About this exercise -
Scan the records below for the line containing "rewrite size_filter -[in RHS]hm." and the line containing "- exact: uniq_shuf_pos1.". Copy both, plus every line between, exactly.
:: Supplied material ::
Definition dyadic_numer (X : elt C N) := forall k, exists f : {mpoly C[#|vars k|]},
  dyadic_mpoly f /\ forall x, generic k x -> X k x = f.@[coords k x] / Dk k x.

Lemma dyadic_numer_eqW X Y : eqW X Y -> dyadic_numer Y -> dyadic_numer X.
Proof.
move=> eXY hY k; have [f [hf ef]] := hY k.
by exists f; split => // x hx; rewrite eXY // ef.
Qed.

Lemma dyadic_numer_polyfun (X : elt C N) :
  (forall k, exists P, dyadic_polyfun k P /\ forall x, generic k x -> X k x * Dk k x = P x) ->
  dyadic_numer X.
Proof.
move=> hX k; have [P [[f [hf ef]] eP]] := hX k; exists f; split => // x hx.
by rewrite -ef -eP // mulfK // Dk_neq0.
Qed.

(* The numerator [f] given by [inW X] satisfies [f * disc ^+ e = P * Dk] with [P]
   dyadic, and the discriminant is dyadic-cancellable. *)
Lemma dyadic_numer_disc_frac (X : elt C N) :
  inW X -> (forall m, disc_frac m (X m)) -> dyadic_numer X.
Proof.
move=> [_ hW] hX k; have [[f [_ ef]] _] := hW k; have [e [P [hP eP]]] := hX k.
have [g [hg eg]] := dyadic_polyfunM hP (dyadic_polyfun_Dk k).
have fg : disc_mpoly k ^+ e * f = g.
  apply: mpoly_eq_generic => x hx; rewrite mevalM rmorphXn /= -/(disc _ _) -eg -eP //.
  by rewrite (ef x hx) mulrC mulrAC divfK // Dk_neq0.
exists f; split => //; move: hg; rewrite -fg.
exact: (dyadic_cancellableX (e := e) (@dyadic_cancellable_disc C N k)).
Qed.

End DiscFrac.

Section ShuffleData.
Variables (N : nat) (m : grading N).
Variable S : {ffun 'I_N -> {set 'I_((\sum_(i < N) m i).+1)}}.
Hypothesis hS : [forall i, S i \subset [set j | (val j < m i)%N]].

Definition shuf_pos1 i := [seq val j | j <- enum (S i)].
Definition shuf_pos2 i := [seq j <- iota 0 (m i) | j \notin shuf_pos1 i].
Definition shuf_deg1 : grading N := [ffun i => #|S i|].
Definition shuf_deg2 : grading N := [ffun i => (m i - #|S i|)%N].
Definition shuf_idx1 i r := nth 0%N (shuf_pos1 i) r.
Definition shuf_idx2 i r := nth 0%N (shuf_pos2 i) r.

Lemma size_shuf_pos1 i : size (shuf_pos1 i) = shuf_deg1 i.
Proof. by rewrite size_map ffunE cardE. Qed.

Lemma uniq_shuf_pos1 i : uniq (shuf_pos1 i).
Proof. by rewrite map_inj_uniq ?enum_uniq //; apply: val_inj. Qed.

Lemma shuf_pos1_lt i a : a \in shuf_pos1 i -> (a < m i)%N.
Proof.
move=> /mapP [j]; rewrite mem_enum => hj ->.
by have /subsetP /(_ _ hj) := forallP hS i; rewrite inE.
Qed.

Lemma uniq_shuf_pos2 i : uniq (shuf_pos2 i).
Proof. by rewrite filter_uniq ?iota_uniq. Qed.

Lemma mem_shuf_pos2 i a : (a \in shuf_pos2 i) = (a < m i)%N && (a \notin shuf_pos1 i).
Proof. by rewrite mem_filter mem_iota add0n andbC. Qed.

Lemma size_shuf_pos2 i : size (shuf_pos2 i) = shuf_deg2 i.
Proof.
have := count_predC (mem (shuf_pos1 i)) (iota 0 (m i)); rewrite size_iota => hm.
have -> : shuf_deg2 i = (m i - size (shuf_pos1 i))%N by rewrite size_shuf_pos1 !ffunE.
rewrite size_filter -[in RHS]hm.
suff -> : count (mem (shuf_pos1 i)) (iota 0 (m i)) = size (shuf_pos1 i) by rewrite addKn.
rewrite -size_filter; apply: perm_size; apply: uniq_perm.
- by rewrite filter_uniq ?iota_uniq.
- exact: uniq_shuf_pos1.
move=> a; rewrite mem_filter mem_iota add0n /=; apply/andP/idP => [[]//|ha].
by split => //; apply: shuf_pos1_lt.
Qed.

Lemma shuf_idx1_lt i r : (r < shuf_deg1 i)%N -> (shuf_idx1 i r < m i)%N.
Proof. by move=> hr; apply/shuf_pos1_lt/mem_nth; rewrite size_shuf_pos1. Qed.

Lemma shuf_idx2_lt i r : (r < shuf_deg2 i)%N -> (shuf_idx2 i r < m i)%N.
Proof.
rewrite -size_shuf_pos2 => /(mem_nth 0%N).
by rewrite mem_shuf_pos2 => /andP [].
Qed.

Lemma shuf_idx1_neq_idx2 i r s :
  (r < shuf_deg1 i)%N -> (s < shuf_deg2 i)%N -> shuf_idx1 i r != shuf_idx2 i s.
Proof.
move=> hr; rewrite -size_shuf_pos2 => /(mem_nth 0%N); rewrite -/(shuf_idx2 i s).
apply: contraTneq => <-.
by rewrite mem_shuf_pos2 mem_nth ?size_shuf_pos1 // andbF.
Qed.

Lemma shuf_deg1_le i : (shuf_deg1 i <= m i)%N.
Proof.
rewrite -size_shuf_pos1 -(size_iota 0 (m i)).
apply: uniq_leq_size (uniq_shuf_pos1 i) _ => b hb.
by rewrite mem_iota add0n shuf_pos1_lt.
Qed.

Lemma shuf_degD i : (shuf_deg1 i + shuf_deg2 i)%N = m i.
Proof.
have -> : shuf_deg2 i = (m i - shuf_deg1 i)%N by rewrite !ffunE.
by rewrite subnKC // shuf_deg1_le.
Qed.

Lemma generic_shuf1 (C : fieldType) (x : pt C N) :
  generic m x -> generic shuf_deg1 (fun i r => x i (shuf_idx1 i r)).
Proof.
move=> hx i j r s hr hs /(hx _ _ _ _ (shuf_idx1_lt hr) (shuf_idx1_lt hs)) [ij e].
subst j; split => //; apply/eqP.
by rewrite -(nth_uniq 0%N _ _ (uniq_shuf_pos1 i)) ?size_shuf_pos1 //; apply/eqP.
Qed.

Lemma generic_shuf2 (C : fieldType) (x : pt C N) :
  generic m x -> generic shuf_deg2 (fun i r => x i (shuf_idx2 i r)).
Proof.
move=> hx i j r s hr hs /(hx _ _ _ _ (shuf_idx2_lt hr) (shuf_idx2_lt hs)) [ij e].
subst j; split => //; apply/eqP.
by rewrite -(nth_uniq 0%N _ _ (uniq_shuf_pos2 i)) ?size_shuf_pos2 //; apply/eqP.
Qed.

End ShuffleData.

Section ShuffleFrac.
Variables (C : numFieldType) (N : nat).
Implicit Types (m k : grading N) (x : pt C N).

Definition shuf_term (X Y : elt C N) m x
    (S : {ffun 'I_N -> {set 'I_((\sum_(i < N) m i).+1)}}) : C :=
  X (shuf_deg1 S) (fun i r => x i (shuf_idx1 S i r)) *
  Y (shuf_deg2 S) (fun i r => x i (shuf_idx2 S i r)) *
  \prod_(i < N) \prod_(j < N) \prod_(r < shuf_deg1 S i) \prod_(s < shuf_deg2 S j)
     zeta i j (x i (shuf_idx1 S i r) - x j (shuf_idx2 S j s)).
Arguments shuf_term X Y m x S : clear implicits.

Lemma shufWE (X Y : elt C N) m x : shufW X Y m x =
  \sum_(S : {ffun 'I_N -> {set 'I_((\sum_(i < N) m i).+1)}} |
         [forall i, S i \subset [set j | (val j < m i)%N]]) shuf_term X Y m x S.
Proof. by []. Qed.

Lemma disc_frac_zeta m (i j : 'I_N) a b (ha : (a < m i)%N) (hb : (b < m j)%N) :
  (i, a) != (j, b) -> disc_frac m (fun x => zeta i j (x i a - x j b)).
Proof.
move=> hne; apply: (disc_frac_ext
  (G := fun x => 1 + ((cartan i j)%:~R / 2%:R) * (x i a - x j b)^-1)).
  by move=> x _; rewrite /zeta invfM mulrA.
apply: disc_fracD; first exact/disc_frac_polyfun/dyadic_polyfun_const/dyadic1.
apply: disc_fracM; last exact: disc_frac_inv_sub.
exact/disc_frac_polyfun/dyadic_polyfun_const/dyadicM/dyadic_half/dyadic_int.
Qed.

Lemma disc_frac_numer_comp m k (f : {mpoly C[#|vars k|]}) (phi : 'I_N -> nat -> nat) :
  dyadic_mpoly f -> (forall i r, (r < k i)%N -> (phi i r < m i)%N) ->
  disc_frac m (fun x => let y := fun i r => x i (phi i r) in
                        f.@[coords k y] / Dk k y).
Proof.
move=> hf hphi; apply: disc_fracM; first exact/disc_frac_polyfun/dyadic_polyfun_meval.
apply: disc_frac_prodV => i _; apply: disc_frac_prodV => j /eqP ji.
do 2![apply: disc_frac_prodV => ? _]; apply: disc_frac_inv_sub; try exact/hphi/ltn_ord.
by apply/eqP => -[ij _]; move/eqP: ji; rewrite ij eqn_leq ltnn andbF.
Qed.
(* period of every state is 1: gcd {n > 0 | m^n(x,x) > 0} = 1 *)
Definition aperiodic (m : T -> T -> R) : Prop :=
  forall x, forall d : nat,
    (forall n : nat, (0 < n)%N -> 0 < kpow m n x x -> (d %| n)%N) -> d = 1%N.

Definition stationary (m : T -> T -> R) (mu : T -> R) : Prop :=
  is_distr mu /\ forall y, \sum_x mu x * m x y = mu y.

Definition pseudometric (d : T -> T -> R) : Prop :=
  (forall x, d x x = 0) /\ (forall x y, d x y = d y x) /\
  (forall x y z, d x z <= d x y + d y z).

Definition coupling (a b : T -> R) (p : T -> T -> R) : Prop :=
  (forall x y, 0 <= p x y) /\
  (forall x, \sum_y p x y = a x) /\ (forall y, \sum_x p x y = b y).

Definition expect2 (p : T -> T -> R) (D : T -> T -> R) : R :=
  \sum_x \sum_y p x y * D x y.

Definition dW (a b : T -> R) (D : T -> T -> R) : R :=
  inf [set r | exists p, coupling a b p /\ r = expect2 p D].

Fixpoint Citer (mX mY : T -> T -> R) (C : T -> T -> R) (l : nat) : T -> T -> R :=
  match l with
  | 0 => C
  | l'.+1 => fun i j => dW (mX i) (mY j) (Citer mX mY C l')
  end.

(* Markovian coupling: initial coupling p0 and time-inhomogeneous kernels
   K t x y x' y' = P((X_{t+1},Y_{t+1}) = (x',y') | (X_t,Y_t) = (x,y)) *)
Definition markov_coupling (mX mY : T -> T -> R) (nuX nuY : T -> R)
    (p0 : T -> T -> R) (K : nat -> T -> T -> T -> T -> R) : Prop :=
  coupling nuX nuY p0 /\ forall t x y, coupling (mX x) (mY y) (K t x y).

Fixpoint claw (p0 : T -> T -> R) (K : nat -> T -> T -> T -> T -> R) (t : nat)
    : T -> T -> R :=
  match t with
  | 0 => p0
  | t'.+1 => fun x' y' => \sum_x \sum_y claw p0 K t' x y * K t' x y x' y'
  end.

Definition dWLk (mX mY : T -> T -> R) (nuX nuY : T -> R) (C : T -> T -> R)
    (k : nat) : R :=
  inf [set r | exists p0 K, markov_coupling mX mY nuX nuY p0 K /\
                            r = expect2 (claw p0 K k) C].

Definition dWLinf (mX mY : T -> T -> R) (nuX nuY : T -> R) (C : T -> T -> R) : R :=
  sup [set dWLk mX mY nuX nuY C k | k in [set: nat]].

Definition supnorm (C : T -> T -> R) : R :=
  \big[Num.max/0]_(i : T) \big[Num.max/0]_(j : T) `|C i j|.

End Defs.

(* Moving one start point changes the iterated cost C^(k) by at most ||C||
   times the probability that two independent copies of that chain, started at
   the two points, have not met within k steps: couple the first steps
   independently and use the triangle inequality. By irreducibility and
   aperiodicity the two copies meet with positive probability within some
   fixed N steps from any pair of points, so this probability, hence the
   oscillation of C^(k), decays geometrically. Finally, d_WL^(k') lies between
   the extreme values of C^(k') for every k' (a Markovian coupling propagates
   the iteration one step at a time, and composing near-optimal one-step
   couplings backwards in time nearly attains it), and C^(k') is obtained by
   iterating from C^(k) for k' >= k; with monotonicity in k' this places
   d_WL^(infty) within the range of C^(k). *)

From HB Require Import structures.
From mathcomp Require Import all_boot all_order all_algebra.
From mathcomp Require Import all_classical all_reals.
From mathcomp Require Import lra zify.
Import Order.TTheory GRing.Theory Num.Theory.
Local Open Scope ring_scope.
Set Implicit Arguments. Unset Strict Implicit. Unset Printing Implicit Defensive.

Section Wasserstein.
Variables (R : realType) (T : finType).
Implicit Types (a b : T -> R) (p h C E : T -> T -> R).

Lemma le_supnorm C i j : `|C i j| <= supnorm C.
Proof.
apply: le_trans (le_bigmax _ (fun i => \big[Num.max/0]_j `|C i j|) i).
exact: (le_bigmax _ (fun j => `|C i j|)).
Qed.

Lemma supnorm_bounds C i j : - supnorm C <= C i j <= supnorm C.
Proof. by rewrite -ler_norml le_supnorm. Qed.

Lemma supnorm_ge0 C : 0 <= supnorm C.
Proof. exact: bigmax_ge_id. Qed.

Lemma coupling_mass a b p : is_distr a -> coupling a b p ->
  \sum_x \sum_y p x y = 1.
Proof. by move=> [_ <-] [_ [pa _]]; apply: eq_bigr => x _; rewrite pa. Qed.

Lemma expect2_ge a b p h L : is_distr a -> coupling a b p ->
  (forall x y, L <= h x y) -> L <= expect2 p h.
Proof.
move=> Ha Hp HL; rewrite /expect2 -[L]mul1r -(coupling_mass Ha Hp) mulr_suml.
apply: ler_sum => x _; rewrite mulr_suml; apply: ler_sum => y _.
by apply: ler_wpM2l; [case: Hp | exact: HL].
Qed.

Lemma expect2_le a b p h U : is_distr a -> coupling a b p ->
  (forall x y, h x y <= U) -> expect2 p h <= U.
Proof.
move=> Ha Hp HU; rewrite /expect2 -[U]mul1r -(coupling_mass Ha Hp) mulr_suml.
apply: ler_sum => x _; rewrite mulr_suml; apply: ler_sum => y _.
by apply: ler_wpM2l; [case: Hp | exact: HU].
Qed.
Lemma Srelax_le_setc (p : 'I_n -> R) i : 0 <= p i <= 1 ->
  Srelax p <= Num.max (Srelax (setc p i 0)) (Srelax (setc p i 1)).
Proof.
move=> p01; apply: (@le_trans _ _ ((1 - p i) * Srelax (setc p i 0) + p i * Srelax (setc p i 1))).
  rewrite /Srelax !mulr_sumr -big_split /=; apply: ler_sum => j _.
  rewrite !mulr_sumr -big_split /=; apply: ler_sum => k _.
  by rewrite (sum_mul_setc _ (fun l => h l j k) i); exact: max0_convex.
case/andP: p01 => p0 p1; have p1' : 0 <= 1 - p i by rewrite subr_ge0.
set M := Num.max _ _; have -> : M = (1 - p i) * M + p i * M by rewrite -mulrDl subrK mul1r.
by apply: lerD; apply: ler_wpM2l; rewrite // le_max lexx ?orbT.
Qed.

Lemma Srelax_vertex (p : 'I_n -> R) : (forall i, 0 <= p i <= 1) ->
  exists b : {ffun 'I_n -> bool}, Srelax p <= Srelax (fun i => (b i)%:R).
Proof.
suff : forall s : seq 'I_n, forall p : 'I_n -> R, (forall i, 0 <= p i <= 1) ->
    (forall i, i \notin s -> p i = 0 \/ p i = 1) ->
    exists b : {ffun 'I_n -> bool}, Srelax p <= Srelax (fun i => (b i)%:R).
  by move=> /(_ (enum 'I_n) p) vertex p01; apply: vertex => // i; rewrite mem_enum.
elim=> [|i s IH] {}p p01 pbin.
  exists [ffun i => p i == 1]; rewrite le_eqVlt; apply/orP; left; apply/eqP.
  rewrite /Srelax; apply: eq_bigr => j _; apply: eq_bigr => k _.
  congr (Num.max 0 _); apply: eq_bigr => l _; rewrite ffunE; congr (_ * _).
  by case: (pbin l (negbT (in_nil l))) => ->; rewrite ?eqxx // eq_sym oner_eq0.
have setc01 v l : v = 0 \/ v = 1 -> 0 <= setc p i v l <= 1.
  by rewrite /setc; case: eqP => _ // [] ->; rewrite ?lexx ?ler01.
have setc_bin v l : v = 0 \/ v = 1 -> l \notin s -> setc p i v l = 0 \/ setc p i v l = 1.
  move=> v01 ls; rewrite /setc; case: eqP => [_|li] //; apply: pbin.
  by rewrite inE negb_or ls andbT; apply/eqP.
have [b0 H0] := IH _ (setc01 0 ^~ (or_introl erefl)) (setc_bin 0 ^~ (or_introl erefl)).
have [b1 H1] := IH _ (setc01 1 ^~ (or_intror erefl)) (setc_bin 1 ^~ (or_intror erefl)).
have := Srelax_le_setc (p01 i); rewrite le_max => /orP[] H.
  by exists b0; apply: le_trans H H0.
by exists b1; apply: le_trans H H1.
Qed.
:::
Solution -
rewrite size_filter -[in RHS]hm.
suff -> : count (mem (shuf_pos1 i)) (iota 0 (m i)) = size (shuf_pos1 i) by rewrite addKn.
rewrite -size_filter; apply: perm_size; apply: uniq_perm.
- by rewrite filter_uniq ?iota_uniq.
- exact: uniq_shuf_pos1.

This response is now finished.